### Goal of the exercise
Pull every line containing "ExtendedLattice" from the entries.

### Extracted material
┌──
(* Let $A$ be a general metric space, $M$ a left module on $A$ and $\mathcal F$ a filter on $A$. Then $\sup_{x\in A}[M^-(\mathcal F)(x),M(x)]\ \le\ \lim^+_{\mathcal F}M$, with equality if $\mathcal F$ is weakly flat. In particular, for weakly flat filters $\mathcal F_1,\mathcal F_2$, $$\sup_{x\in A}[M^-(\mathcal F_1)(x),M^-(\mathcal F_2)(x)]=\lim^+_{x\in\mathcal F_1}\lim^-_{y\in\mathcal F_2}A(x,y).$$
   Context: $[0,\infty]$ with $+$ ($x+\infty=\infty$), $[x,y]=\max(y-x,0)$ for finite $x,y$, $[x,\infty]=\infty$ for $x<\infty$, $[\infty,y]=0$; $\inf\emptyset=\infty$, $\sup\emptyset=0$. A general metric space $A$ is a set with $A(-,-):A\times A\to[0,\infty]$, $A(x,x)=0$, $A(x,z)\le A(x,y)+A(y,z)$. A left module is $M:A\to[0,\infty]$ with $M(x)\le M(y)+A(x,y)$. A filter on $A$ is a nonempty set of nonempty subsets closed under finite intersections and supersets; $\lim^+_{\mathcal F}t=\inf_{f\in\mathcal F}\sup_{x\in f}t(x)$, $\lim^-_{\mathcal F}t=\sup_{f\in\mathcal F}\inf_{x\in f}t(x)$; $M^-(\mathcal F)(x)=\lim^-_{y\in\mathcal F}A(x,y)$; $\mathcal F$ is weakly flat iff $\lim^+_{\mathcal F}M^-(\mathcal F)=0$. *)

From HB Require Import structures.
From mathcomp Require Import all_boot all_order all_algebra.
From mathcomp Require Import all_classical all_reals ereal.
Set Implicit Arguments. Unset Strict Implicit. Unset Printing Implicit Defensive.
Import Order.TTheory GRing.Theory Num.Theory.
Local Open Scope classical_set_scope.
Local Open Scope ereal_scope.

(* Values live in [0, +oo] embedded in \bar R (all relevant quantities are
   nonnegative). *)

(* supremum with the convention sup(empty) = 0 *)
Definition esup0 {R : realType} (S : set (\bar R)) : \bar R :=
  ereal_sup (S `|` [set 0]).

(* infimum with inf(empty) = +oo (ereal_inf already satisfies this) *)
Definition einf {R : realType} (S : set (\bar R)) : \bar R := ereal_inf S.

(* truncated difference [x, y] on [0, +oo] *)
Definition tsub {R : realType} (x y : \bar R) : \bar R :=
  if x == +oo then 0
  else if y == +oo then +oo
  else maxe (y - x) 0.

Definition is_gen_metric {R : realType} {T : Type} (d : T -> T -> \bar R) :=
  (forall x y, 0 <= d x y) /\ (forall x, d x x = 0) /\
  (forall x y z, d x z <= d x y + d y z).

Definition is_left_module {R : realType} {T : Type}
    (d : T -> T -> \bar R) (M : T -> \bar R) :=
  (forall x, 0 <= M x) /\ (forall x y, M x <= M y + d x y).

Definition is_filter {T : Type} (F : set (set T)) :=
  (exists f, F f) /\ (forall f, F f -> f !=set0) /\
  (forall f g, F f -> F g -> F (f `&` g)) /\
  (forall f g, F f -> f `<=` g -> F g).

Definition limsupF {R : realType} {T : Type} (F : set (set T)) (t : T -> \bar R)
  : \bar R := einf [set esup0 (t @` f) | f in F].

Definition liminfF {R : realType} {T : Type} (F : set (set T)) (t : T -> \bar R)
  : \bar R := esup0 [set einf (t @` f) | f in F].

Definition Mminus {R : realType} {T : Type} (d : T -> T -> \bar R)
  (F : set (set T)) (x : T) : \bar R := liminfF F (fun y => d x y).

Definition weakly_flat {R : realType} {T : Type} (d : T -> T -> \bar R)
  (F : set (set T)) := limsupF F (Mminus d F) = 0.

From mathcomp Require Import all_boot all_order all_algebra.
From mathcomp Require Import all_classical all_reals ereal.
Import Order.TTheory GRing.Theory Num.Theory.
Local Open Scope classical_set_scope.
Local Open Scope ereal_scope.

(* For [f] in [F] and [y] in [f], [M x <= M y + d x y <= sup_f M + d x y];
   taking the infimum over [y] gives [M x <= sup_f M + M^-(F)(x)], i.e.
   [[M^-(F)(x), M x] <= sup_f M], whence the inequality. Conversely, if [L]
   is the left-hand side then [M y <= L + M^-(F)(y)] for every [y], so
   [sup_f M <= L + sup_f M^-(F)], and weak flatness makes the last term
   arbitrarily small along [F]. Finally [M^-(F2)] is itself a left module by
   the triangle inequality, so the last claim is the equality case applied to
   it. *)

Section ExtendedLattice.
Variable R : realType.
Implicit Types (S : set (\bar R)) (a b c m : \bar R).

Lemma esup0_ubound S a : S a -> a <= esup0 S.
Proof. by move=> Sa; apply: ereal_sup_ubound; left. Qed.

Lemma esup0_ge0 S : 0 <= esup0 S.
Proof. by apply: ereal_sup_ubound; right. Qed.

Lemma ge_esup0 S m : (forall a, S a -> a <= m) -> 0 <= m -> esup0 S <= m.
Proof. by move=> Sm m0; apply: ge_ereal_sup => a [/Sm|->]. Qed.

Lemma einf_lbound S a : S a -> einf S <= a.
Proof. exact: ereal_inf_lbound. Qed.

Lemma le_einf S m : (forall a, S a -> m <= a) -> m <= einf S.
Proof. by move=> Sm; apply: le_ereal_inf_tmp => a /Sm. Qed.

Lemma ge0_pinfty_or_fin {a} : 0 <= a -> a = +oo \/ a \is a fin_num.
Proof. by case: a => [r| |] //= _; [right|left]. Qed.

Lemma tsub_le_addE a b c : 0 <= b -> 0 <= c -> (tsub c a <= b) = (a <= b + c).
Proof.
move=> b0 c0; rewrite /tsub.
case: (ge0_pinfty_or_fin c0) => [->|cf].
  by rewrite eqxx b0 addey ?leey //; case: b b0.
have -> : (c == +oo) = false by case: c cf {c0}.
case: eqP => [->|_]; last by rewrite ge_max b0 andbT leeBlDr.
case: (ge0_pinfty_or_fin b0) => [->|bf].
  by rewrite addye ?leey //; case: c cf {c0}.
by case: b bf {b0}; case: c cf {c0}.
Qed.

Lemma le_add_einf T (t : T -> \bar R) (f : set T) a b :
  (forall y, f y -> 0 <= t y) -> 0 <= b ->
  (forall y, f y -> a <= b + t y) -> a <= b + einf (t @` f).
Proof.
move=> t0 b0 abt.
case: (ge0_pinfty_or_fin b0) => [->|bf].
  have inf0 : 0 <= einf (t @` f) by apply: le_einf => _ [y fy <-]; exact: t0.
  by rewrite addye ?leey // gt_eqF // (lt_le_trans ltNy0 inf0).
by rewrite -leeBlDl //; apply: le_einf => _ [y fy <-]; rewrite leeBlDl // abt.
Qed.

End ExtendedLattice.

Section LeftModules.
Context {R : realType} {T : Type} (d : T -> T -> \bar R).

Lemma esup_tsub_le_limsupF (M : T -> \bar R) (F : set (set T)) :
  (forall x y, 0 <= d x y) -> is_left_module d M ->
  esup0 [set tsub (Mminus d F x) (M x) | x in setT] <= limsupF F M.
Proof.
move=> d0 [_ Mlip].
have limsup0 : 0 <= limsupF F M.
  by apply: le_einf => _ [f _ <-]; exact: esup0_ge0.
apply: ge_esup0 => // _ [x _ <-]; apply: le_einf => _ [f Ff <-].
rewrite tsub_le_addE ?esup0_ge0 //.
have inf_le_Mminus : einf (d x @` f) <= Mminus d F x.
  by apply: esup0_ubound; exists f.
apply: (le_trans _ (leeD (lexx _) inf_le_Mminus)).
apply: le_add_einf => [y _||y fy]; rewrite ?d0 ?esup0_ge0 //.
by apply: (le_trans (Mlip x y)); rewrite leeD2r // esup0_ubound //; exists y.
Qed.

Lemma limsupF_le_esup_tsub (M : T -> \bar R) (F : set (set T)) :
  weakly_flat d F ->
  limsupF F M <= esup0 [set tsub (Mminus d F x) (M x) | x in setT].
Proof.
move=> flat; set L := esup0 _.
have M_le x : M x <= L + Mminus d F x.
  by rewrite -tsub_le_addE ?esup0_ge0 //; apply: esup0_ubound; exists x.
apply/lee_addgt0Pr => e e0.
have : einf [set esup0 (Mminus d F @` f) | f in F] < e%:E.
  by move: flat; rewrite /weakly_flat /limsupF => ->; rewrite lte_fin.
case/ereal_inf_lt => _ [f Ff <-] sup_lt_e.
apply: (@le_trans _ _ (esup0 (M @` f))); first by apply: einf_lbound; exists f.
apply: (le_trans _ (leeD (lexx L) (ltW sup_lt_e))).
apply: ge_esup0 => [_ [y fy <-]|]; last by rewrite adde_ge0 ?esup0_ge0.
by apply: (le_trans (M_le y)); rewrite leeD2l // esup0_ubound //; exists y.
Qed.

Lemma Mminus_left_module (F : set (set T)) :
  is_gen_metric d -> is_left_module d (Mminus d F).
Proof.
move=> [d0 [_ tri]]; split=> [x|x y]; first exact: esup0_ge0.
apply: ge_esup0 => [_ [g Fg <-]|]; last by rewrite adde_ge0 ?esup0_ge0.
have inf_le_Mminus : einf (d y @` g) <= Mminus d F y.
  by apply: esup0_ubound; exists g.
apply: (le_trans _ (leeD inf_le_Mminus (lexx (d x y)))); rewrite addeC.
apply: le_add_einf => [z _||z gz]; rewrite ?d0 //.
by apply: (le_trans _ (tri x y z)); apply: einf_lbound; exists z.
Qed.

End LeftModules.

Theorem mainTheorem15 (R : realType) (T : Type) (d : T -> T -> \bar R)
  (M : T -> \bar R) (F : set (set T)) :
  is_gen_metric d -> is_left_module d M -> is_filter F ->
  (esup0 [set tsub (Mminus d F x) (M x) | x in setT] <= limsupF F M)
  /\ (weakly_flat d F ->
      esup0 [set tsub (Mminus d F x) (M x) | x in setT] = limsupF F M)
  /\ (forall F1 F2 : set (set T), is_filter F1 -> is_filter F2 ->
      weakly_flat d F1 -> weakly_flat d F2 ->
      esup0 [set tsub (Mminus d F1 x) (Mminus d F2 x) | x in setT]
      = limsupF F1 (fun x => liminfF F2 (fun y => d x y))).
Proof.
move=> dmetric Mmod _; have d0 := dmetric.1.
split; first exact: esup_tsub_le_limsupF.
split=> [flat|F1 F2 _ _ flat1 _].
  by apply/eqP; rewrite eq_le esup_tsub_le_limsupF // limsupF_le_esup_tsub.
have M2mod := Mminus_left_module d F2 dmetric.
apply/eqP; rewrite eq_le (esup_tsub_le_limsupF d _ F1 d0 M2mod).
exact: (limsupF_le_esup_tsub d (Mminus d F2) F1 flat1).
Qed.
└──
### Result of the task
Section ExtendedLattice.
End ExtendedLattice.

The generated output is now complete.